[Stored items]
........

(* Let $d\ge2$, $k\in\mathbb{N}_0$, $Y_k$ a harmonic homogeneous polynomial of degree $k$ on $\mathbb{R}^d$, $\alpha\in\mathbb{R}$, and $H_{\alpha,k}(x)=|x|^{2\alpha}Y_k(x)$ on $\mathbb{R}^d\setminus\{0\}$. If $\alpha\in\mathbb{N}_0$ or $\alpha=1-\frac d2-k+j$ for some $j\in\mathbb{N}_0$, then $H_{\alpha,k}$ is polyharmonic of finite order (i.e. $\Delta^pH_{\alpha,k}=0$ for some $p$). If $\alpha$ is none of these numbers, then for $0<r_0<r_1\le\infty$ the restriction of $H_{\alpha,k}$ to $A(r_0,r_1)$ is polyharmonic of infinite order and type at most $1/r_0$.
   Context: $A(r_0,r_1)=\{x\in\mathbb{R}^d: r_0<|x|<r_1\}$. A function $f:G\to\mathbb{C}$ on a domain $G\subset\mathbb{R}^d$ is polyharmonic of infinite order and type $\tau\ge0$ if $f\in C^\infty(G)$ and for every compact $K\subset G$ and every $\varepsilon>0$ there is $C_{K,\varepsilon}>0$ with $\max_{x\in K}|\Delta^p f(x)|\le C_{K,\varepsilon}(2p)!(\tau+\varepsilon)^{2p}$ for all $p\in\mathbb{N}_0$. ''Type at most $1/r_0$'' means it is of type $1/r_0$ in this sense. *)

From Stdlib Require Import Reals Lra List Arith ClassicalEpsilon.
Open Scope R_scope.

(* Points of R^d are modelled as sequences x : nat -> R; the space R^d is the
   set of those x with x i = 0 for all i >= d (coordinates 0..d-1). *)
Definition pt := nat -> R.

Definition in_Rd (d : nat) (x : pt) : Prop := forall i, (d <= i)%nat -> x i = 0.

Fixpoint sumd (n : nat) (f : nat -> R) : R :=
  match n with O => 0 | S m => sumd m f + f m end.
Fixpoint prodd (n : nat) (f : nat -> R) : R :=
  match n with O => 1 | S m => prodd m f * f m end.
Fixpoint sumdn (n : nat) (f : nat -> nat) : nat :=
  match n with O => O | S m => (sumdn m f + f m)%nat end.

Definition norm (d : nat) (x : pt) : R := sqrt (sumd d (fun i => x i ^ 2)).
Definition dist (d : nat) (x y : pt) : R := norm d (fun i => x i - y i).

Definition upd (x : pt) (i : nat) (t : R) : pt :=
  fun j => if Nat.eqb j i then t else x j.

(* i-th partial derivative (the value of the limit, when it exists) *)
Definition pd (f : pt -> R) (i : nat) (x : pt) : R :=
  epsilon (inhabits 0)
    (fun l => derivable_pt_lim (fun t => f (upd x i t)) (x i) l).

Definition lap (d : nat) (f : pt -> R) : pt -> R :=
  fun x => sumd d (fun i => pd (pd f i) i x).
Definition lap_iter (d p : nat) (f : pt -> R) : pt -> R := Nat.iter p (lap d) f.

Definition open_Rd (d : nat) (U : pt -> Prop) : Prop :=
  forall x, U x -> in_Rd d x ->
    exists r, 0 < r /\ forall y, in_Rd d y -> dist d x y < r -> U y.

........

What is required => Copy every record exactly.

Result for this task =>
(* Let $d\ge2$, $k\in\mathbb{N}_0$, $Y_k$ a harmonic homogeneous polynomial of degree $k$ on $\mathbb{R}^d$, $\alpha\in\mathbb{R}$, and $H_{\alpha,k}(x)=|x|^{2\alpha}Y_k(x)$ on $\mathbb{R}^d\setminus\{0\}$. If $\alpha\in\mathbb{N}_0$ or $\alpha=1-\frac d2-k+j$ for some $j\in\mathbb{N}_0$, then $H_{\alpha,k}$ is polyharmonic of finite order (i.e. $\Delta^pH_{\alpha,k}=0$ for some $p$). If $\alpha$ is none of these numbers, then for $0<r_0<r_1\le\infty$ the restriction of $H_{\alpha,k}$ to $A(r_0,r_1)$ is polyharmonic of infinite order and type at most $1/r_0$.
   Context: $A(r_0,r_1)=\{x\in\mathbb{R}^d: r_0<|x|<r_1\}$. A function $f:G\to\mathbb{C}$ on a domain $G\subset\mathbb{R}^d$ is polyharmonic of infinite order and type $\tau\ge0$ if $f\in C^\infty(G)$ and for every compact $K\subset G$ and every $\varepsilon>0$ there is $C_{K,\varepsilon}>0$ with $\max_{x\in K}|\Delta^p f(x)|\le C_{K,\varepsilon}(2p)!(\tau+\varepsilon)^{2p}$ for all $p\in\mathbb{N}_0$. ''Type at most $1/r_0$'' means it is of type $1/r_0$ in this sense. *)

From Stdlib Require Import Reals Lra List Arith ClassicalEpsilon.
Open Scope R_scope.

(* Points of R^d are modelled as sequences x : nat -> R; the space R^d is the
   set of those x with x i = 0 for all i >= d (coordinates 0..d-1). *)
Definition pt := nat -> R.

Definition in_Rd (d : nat) (x : pt) : Prop := forall i, (d <= i)%nat -> x i = 0.

Fixpoint sumd (n : nat) (f : nat -> R) : R :=
  match n with O => 0 | S m => sumd m f + f m end.
Fixpoint prodd (n : nat) (f : nat -> R) : R :=
  match n with O => 1 | S m => prodd m f * f m end.
Fixpoint sumdn (n : nat) (f : nat -> nat) : nat :=
  match n with O => O | S m => (sumdn m f + f m)%nat end.

Definition norm (d : nat) (x : pt) : R := sqrt (sumd d (fun i => x i ^ 2)).
Definition dist (d : nat) (x y : pt) : R := norm d (fun i => x i - y i).

Definition upd (x : pt) (i : nat) (t : R) : pt :=
  fun j => if Nat.eqb j i then t else x j.

(* i-th partial derivative (the value of the limit, when it exists) *)
Definition pd (f : pt -> R) (i : nat) (x : pt) : R :=
  epsilon (inhabits 0)
    (fun l => derivable_pt_lim (fun t => f (upd x i t)) (x i) l).

Definition lap (d : nat) (f : pt -> R) : pt -> R :=
  fun x => sumd d (fun i => pd (pd f i) i x).
Definition lap_iter (d p : nat) (f : pt -> R) : pt -> R := Nat.iter p (lap d) f.

Definition open_Rd (d : nat) (U : pt -> Prop) : Prop :=
  forall x, U x -> in_Rd d x ->
    exists r, 0 < r /\ forall y, in_Rd d y -> dist d x y < r -> U y.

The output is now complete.